I have tested this kit in temperatures ranging from 2-9 degrees. I have followed the recommended method by wearing it close to the skin with just a t-shirt underneath. In some case I have worn a thin fleece over it to see what the effect was. The coat in all cases is my usual Spada textile jacket with the liner fitted.

Trial 1

Air temperature 4 degrees, dry and clear. I travelled to and from work on this occasion. A 25 mile journey which takes about 40 minutes. The jacket was worn with a t-shirt underneath and left on for the entire journey. It heated up quickly and kept me very warm. On arrival I didn’t have the usual cold to the bones feeling.

Trial 2

A ride out to a bike shop 40 miles away. The air temperature was 9 degrees and a fleece was worn over the heated jacket. It was turned on when I left home but turned off after about 15 minutes as I was getting too hot.
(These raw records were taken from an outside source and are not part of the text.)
Lemma noise_opS n r (g : n.+1.-tuple bool -> R) c (y : n.-tuple bool) :
  noise_op r g [tuple of c :: y] =
  noise_op r (head_avg g) y + (if c then r else - r) * noise_op r (head_diff g) y.
Proof.
rewrite /noise_op sum_tupleS mulr_sumr -big_split /=; apply: eq_bigr => x _.
by rewrite !noise_kernelS /head_avg /head_diff /noise_kernel1; case: c => /=; field.
Qed.

Lemma sum_tupleS_avg n (g : n.+1.-tuple bool -> R) : \sum_x g x = 2 * \sum_x head_avg g x.
Proof. by rewrite sum_tupleS mulr_sumr; apply: eq_bigr => x _; rewrite /head_avg; field. Qed.

Lemma sum_sqr_tupleS n (g : n.+1.-tuple bool -> R) :
  \sum_x g x ^+ 2 = 2 * \sum_x head_avg g x ^+ 2 + 2 * \sum_x head_diff g x ^+ 2.
Proof.
rewrite sum_tupleS !mulr_sumr -big_split /=; apply: eq_bigr => x _.
by rewrite /head_avg /head_diff; field.
Qed.

Lemma sum_sqr_noise_opS n r (g : n.+1.-tuple bool -> R) :
  \sum_y noise_op r g y ^+ 2 =
  2 * \sum_y noise_op r (head_avg g) y ^+ 2 + 2 * r ^+ 2 * \sum_y noise_op r (head_diff g) y ^+ 2.
Proof.
rewrite sum_tupleS !mulr_sumr -big_split /=; apply: eq_bigr => y _.
by rewrite !noise_opS /=; ring.
Qed.

Lemma sum_noise_op4S n r (g : n.+1.-tuple bool -> R) :
  \sum_y noise_op r g y ^+ 4 =
  2 * \sum_y noise_op r (head_avg g) y ^+ 4
  + 12 * r ^+ 2 * \sum_y (noise_op r (head_avg g) y ^+ 2 * noise_op r (head_diff g) y ^+ 2)
  + 2 * r ^+ 4 * \sum_y noise_op r (head_diff g) y ^+ 4.
Proof.
rewrite sum_tupleS !mulr_sumr -!big_split /=; apply: eq_bigr => y _.
by rewrite !noise_opS /=; ring.
Qed.

Lemma sum_sqr_ge0 (I : finType) (u : I -> R) : 0 <= \sum_i u i ^+ 2.
Proof. by apply: sumr_ge0 => i _; apply: sqr_ge0. Qed.

Lemma sum_sqr_noise_op_le n r (g : n.-tuple bool -> R) : r ^+ 2 <= 1 ->
  \sum_y noise_op r g y ^+ 2 <= \sum_y g y ^+ 2.
Proof.
move=> r2_le1; elim: n g => [|n IHn] g; first by rewrite !sum_tuple0 noise_op0.
rewrite sum_sqr_noise_opS sum_sqr_tupleS.
have := IHn (head_avg g); have := IHn (head_diff g).
have := sum_sqr_ge0 (noise_op r (head_diff g)); nra.
Qed.

Lemma sum_sqr_noise_op_le_mean0 n r (g : n.-tuple bool -> R) : r ^+ 2 <= 1 ->
  \sum_y g y = 0 -> \sum_y noise_op r g y ^+ 2 <= r ^+ 2 * \sum_y g y ^+ 2.
Proof.
move=> r2_le1; elim: n g => [|n IHn] g.
  by rewrite !sum_tuple0 noise_op0 => ->; rewrite expr0n mulr0.
rewrite sum_tupleS_avg sum_sqr_noise_opS sum_sqr_tupleS => sum0.
have avg0 : \sum_x head_avg g x = 0 by lra.
have := IHn (head_avg g) avg0; have := sum_sqr_noise_op_le (head_diff g) r2_le1; nra.
Qed.

Lemma norm_noise_op_le1 n r (g : n.-tuple bool -> R) y : -1 <= r <= 1 ->
  (forall x, `|g x| <= 1) -> `|noise_op r g y| <= 1.
Proof.
move=> r_bnd g_le1; rewrite -(sum_noise_kernel r y) (le_trans (ler_norm_sum _ _ _)) //.
apply: ler_sum => x _; rewrite normrM ger0_norm ?noise_kernel_ge0 //.
by rewrite ler_piMr ?noise_kernel_ge0.
Qed.

Lemma sqr_sum_mul_le (I : finType) (u v : I -> R) :
  (\sum_i u i * v i) ^+ 2 <= (\sum_i u i ^+ 2) * (\sum_i v i ^+ 2).
Proof.
set a := \sum_i u i ^+ 2; set b := \sum_i v i ^+ 2; set c := \sum_i u i * v i.
have [a0|a_neq0] := eqVneq a 0.
  have u0 i : u i = 0.
    apply/eqP; rewrite -sqrf_eq0; apply/eqP.
    by move/psumr_eq0P: a0 => -> // j _; apply: sqr_ge0.
  by rewrite /c big1 ?a0 ?expr0n ?mul0r // => i _; rewrite u0 mul0r.
have a_gt0 : 0 < a by rewrite lt_neqAle eq_sym a_neq0 sum_sqr_ge0.
have := sum_sqr_ge0 (fun i => c * u i - a * v i).
have -> : \sum_i (c * u i - a * v i) ^+ 2 = c ^+ 2 * a - 2 * a * c * c + a ^+ 2 * b.
  rewrite (eq_bigr (fun i => c ^+ 2 * u i ^+ 2 - 2 * a * c * (u i * v i) + a ^+ 2 * v i ^+ 2)).
    by rewrite big_split sumrB /= -!mulr_sumr.
  by move=> i _; ring.
nra.
Qed.

Lemma sum_sqr_mul_le (I : finType) (N P Q : R) (a b : I -> R) : 0 <= N -> 0 <= P -> 0 <= Q ->
  N * \sum_i a i ^+ 4 <= P ^+ 2 -> N * \sum_i b i ^+ 4 <= Q ^+ 2 ->
  N * \sum_i (a i ^+ 2 * b i ^+ 2) <= P * Q.
Proof.
move=> N_ge0 P_ge0 Q_ge0 a4 b4.
set S := \sum_i _.
have S_ge0 : 0 <= S by apply: sumr_ge0 => i _; rewrite mulr_ge0 ?sqr_ge0.
have sum4E (u : I -> R) : \sum_i u i ^+ 4 = \sum_i (u i ^+ 2) ^+ 2.
  by apply: eq_bigr => i _; rewrite -exprM.
have sum4_ge0 (u : I -> R) : 0 <= N * \sum_i u i ^+ 4 by rewrite mulr_ge0 // sum4E sum_sqr_ge0.
have : (N * S) ^+ 2 <= (P * Q) ^+ 2.
  apply: (@le_trans _ _ ((N * \sum_i a i ^+ 4) * (N * \sum_i b i ^+ 4))).
    rewrite mulrACA exprMn -expr2; apply: ler_wpM2l; first exact: sqr_ge0.
    by rewrite !sum4E; apply: sqr_sum_mul_le.
  by rewrite exprMn ler_pM.
by rewrite ler_pXn2r ?nnegrE ?mulr_ge0.
Qed.

(* Bonami's (2,4)-hypercontractivity ||T_r g||_4 <= ||T_(sqrt 3 r) g||_2, with unnormalised
   sums. *)
Lemma noise_op_hypercontractive n r s (g : n.-tuple bool -> R) : s ^+ 2 = 3 * r ^+ 2 ->
  2 ^+ n * \sum_y noise_op r g y ^+ 4 <= (\sum_y noise_op s g y ^+ 2) ^+ 2.
Proof.
move=> s2E; elim: n g => [|n IHn] g.
  by rewrite !sum_tuple0 !noise_op0 expr0 mul1r -exprM.
rewrite sum_noise_op4S sum_sqr_noise_opS s2E.
set A4 := \sum_y _ ^+ 4; set B4 := \sum_y noise_op r (head_diff g) y ^+ 4.
set AB := \sum_y _; set P := \sum_y _ ^+ 2; set Q := \sum_y noise_op s (head_diff g) y ^+ 2.
have P_ge0 : 0 <= P := sum_sqr_ge0 _.
have Q_ge0 : 0 <= Q := sum_sqr_ge0 _.
have A4_le : 2 ^+ n * A4 <= P ^+ 2 := IHn (head_avg g).
have B4_le : 2 ^+ n * B4 <= Q ^+ 2 := IHn (head_diff g).
have AB_le : 2 ^+ n * AB <= P * Q by apply: sum_sqr_mul_le; rewrite ?exprn_ge0.
have r4_ge0 : 0 <= r ^+ 4 by rewrite exprn_even_ge0.
have -> : 2 ^+ n.+1 * (2 * A4 + 12 * r ^+ 2 * AB + 2 * r ^+ 4 * B4) =
    4 * (2 ^+ n * A4) + 24 * r ^+ 2 * (2 ^+ n * AB) + 4 * r ^+ 4 * (2 ^+ n * B4).
  by rewrite exprS; ring.
have -> : (2 * P + 2 * (3 * r ^+ 2) * Q) ^+ 2 =
    4 * P ^+ 2 + 24 * r ^+ 2 * (P * Q) + 36 * r ^+ 4 * Q ^+ 2 by ring.
apply: lerD; first apply: lerD.
- by rewrite ler_pM2l ?ltr0n.
- by apply: ler_wpM2l => //; rewrite mulr_ge0 ?sqr_ge0.
- apply: (le_trans (ler_wpM2l _ B4_le)); first by rewrite mulr_ge0 ?ler0n.
  apply: ler_wpM2r; first exact: sqr_ge0.
  by apply: ler_wpM2r => //; rewrite ler_nat.
Qed.

End NoiseOperator.

Lemma sum_noise_op4_le_mean0 (R : rcfType) n r (g : n.-tuple bool -> R) : 3 * r ^+ 2 <= 1 ->
  \sum_x g x = 0 -> 2 ^+ n * \sum_y noise_op r g y ^+ 4 <= 9 * r ^+ 4 * (\sum_x g x ^+ 2) ^+ 2.
Proof.
move=> r2_le g0; set s := Num.sqrt (3 * r ^+ 2).
have s2E : s ^+ 2 = 3 * r ^+ 2 by rewrite sqr_sqrtr // mulr_ge0 ?sqr_ge0.
apply: (le_trans (noise_op_hypercontractive g s2E)).
have s2_le1 : s ^+ 2 <= 1 by rewrite s2E.
have := sum_sqr_noise_op_le_mean0 s2_le1 g0; rewrite s2E => T2_le.
rewrite (_ : 9 * r ^+ 4 = (3 * r ^+ 2) ^+ 2); last by ring.
have := sum_sqr_ge0 (noise_op s g); rewrite -exprMn; nra.
Qed.

Section LogBounds.
Set Implicit Arguments. Unset Strict Implicit.
Variable R : realType.
Implicit Types a b s t x : R.

Lemma ger0_is_derive_le (f df : R -> R) a b : a <= b ->
  (forall x, a <= x <= b -> is_derive x 1 f (df x)) ->
  (forall x, a <= x <= b -> 0 <= df x) -> f a <= f b.
Proof.
move=> ab f_df df_ge0.
have [c cab fba] : exists2 c, c \in `[a, b] & f b - f a = df c * (b - a).
  apply: MVT_segment => // [x|].
    by rewrite in_itv /= => /andP[ax xb]; apply: f_df; rewrite !ltW.
  apply: derivable_within_continuous => x; rewrite in_itv /= => /f_df.
  by case.
by rewrite -subr_ge0 fba mulr_ge0 ?subr_ge0 // df_ge0.
Qed.

Lemma ler0_is_derive_le (f df : R -> R) a b : a <= b ->
  (forall x, a <= x <= b -> is_derive x 1 f (df x)) ->
  (forall x, a <= x <= b -> df x <= 0) -> f b <= f a.
Proof.
move=> ab f_df df_le0; rewrite -lerN2.
apply: (@ger0_is_derive_le (fun x => - f x) (fun x => - df x) a b) => // x.
  by move=> /f_df ?; apply: is_deriveN.
by move=> /df_le0; rewrite oppr_ge0.
Qed.

Section OneSignChange.
Variables (D D1 D2 : R -> R) (a b : R).
Hypotheses (D_D1 : forall x, a <= x <= b -> is_derive x 1 D (D1 x))
  (D1_D2 : forall x, a <= x <= b -> is_derive x 1 D1 (D2 x))
  (D2_sign : forall s u, a <= s -> s <= u -> u <= b -> D2 s < 0 -> D2 u <= 0)
  (Da : D a = 0) (Db : D b = 0) (D1a : D1 a = 0).

Lemma ge0_one_sign_change t : a <= t <= b -> 0 <= D t.
Proof.
move=> /andP[a_le_t t_le_b].
have [D1_ge0 | /existsNP[s /not_implyP[/andP[a_le_s s_le_t] /negP]]] :=
  pselect (forall s, a <= s <= t -> 0 <= D1 s).
  rewrite -Da; apply: (ger0_is_derive_le (df := D1) a_le_t) => // x /andP[ax xt].
  by apply: D_D1; rewrite ax (le_trans xt).
rewrite -ltNge => D1s_lt0.
have [[s' /andP[a_le_s' s'_le_s] D2s'_lt0] | D2_ge0] :=
    pselect (exists2 s', a <= s' <= s & D2 s' < 0); last first.
  move: D1s_lt0; rewrite ltNge -D1a => /negP; case.
  apply: (ger0_is_derive_le (df := D2) a_le_s) => x /andP[ax xs].
    by apply: D1_D2; rewrite ax (le_trans xs) // (le_trans s_le_t).
  by rewrite leNgt; apply/negP => D2x; apply: D2_ge0; exists x; rewrite ?ax.
rewrite -Db; apply: (ler0_is_derive_le (df := D1) t_le_b) => x /andP[tx xb].
  by apply: D_D1; rewrite xb (le_trans a_le_t).
have sx : s <= x := le_trans s_le_t tx.
apply: ltW; apply: le_lt_trans D1s_lt0.
apply: (ler0_is_derive_le (df := D2) sx) => y /andP[sy yx].
  by apply: D1_D2; rewrite (le_trans a_le_s) //= (le_trans yx).
by apply: (D2_sign a_le_s' (le_trans s'_le_s sy)) => //; rewrite (le_trans yx).
Qed.

End OneSignChange.

Lemma is_derive_ln1D x : -1 < x -> is_derive x 1 (fun y => ln (1 + y)) (1 + x)^-1.
Proof.
move=> x_gtN1; have x1_gt0 : 0 < 1 + x by lra.
rewrite -[_^-1]mulr1; apply: (is_derive1_comp (g := fun y => 1 + y) (is_derive1_ln x1_gt0)).
by apply: is_derive_eq; rewrite add0r mulr1.
Qed.

Lemma is_derive_ln1B x : x < 1 -> is_derive x 1 (fun y => ln (1 - y)) (- (1 - x)^-1).
Proof.
move=> x_lt1; have x1_gt0 : 0 < 1 - x by lra.
rewrite -mulrN1; apply: (is_derive1_comp (g := fun y => 1 - y) (is_derive1_ln x1_gt0)).
by apply: is_derive_eq; rewrite add0r mul1r.
Qed.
I turned it back on for about 15 minutes, it heated me up nicely so was turned off again.

Trial 3

Conditions were similar to trail 1 except that it was raining and I was wearing a fleece over the jacket. The effect was the same as the first trial.

I intend to disconnect the jacket from the battery on my bike and fit an accessory plug to it. That way I will be able to use it on a work BMW under leathers. I am certain the benefits will be huge considering that I am on the bike for most of the day.

Conclusion

I have owned a heated vest before which was of little use so I was sceptical. I was proved wrong! The jacket turns even the coldest day into a ridable one. It is well made, east to fit and does exactly what it claims to. It retails at £179.99 which compared to the price of other good quality bike kit is reasonable. There are other options available from the EXO range including gloves, insoles and other jackets.  If you use a bike through the colder months for anything but short journeys this is for you. There are clear safety benefits available because as your wellbeing improves so does your concentration levels. The only criticism is that it causes sweaty arm pits, but a small price to pay and proves that it does its job.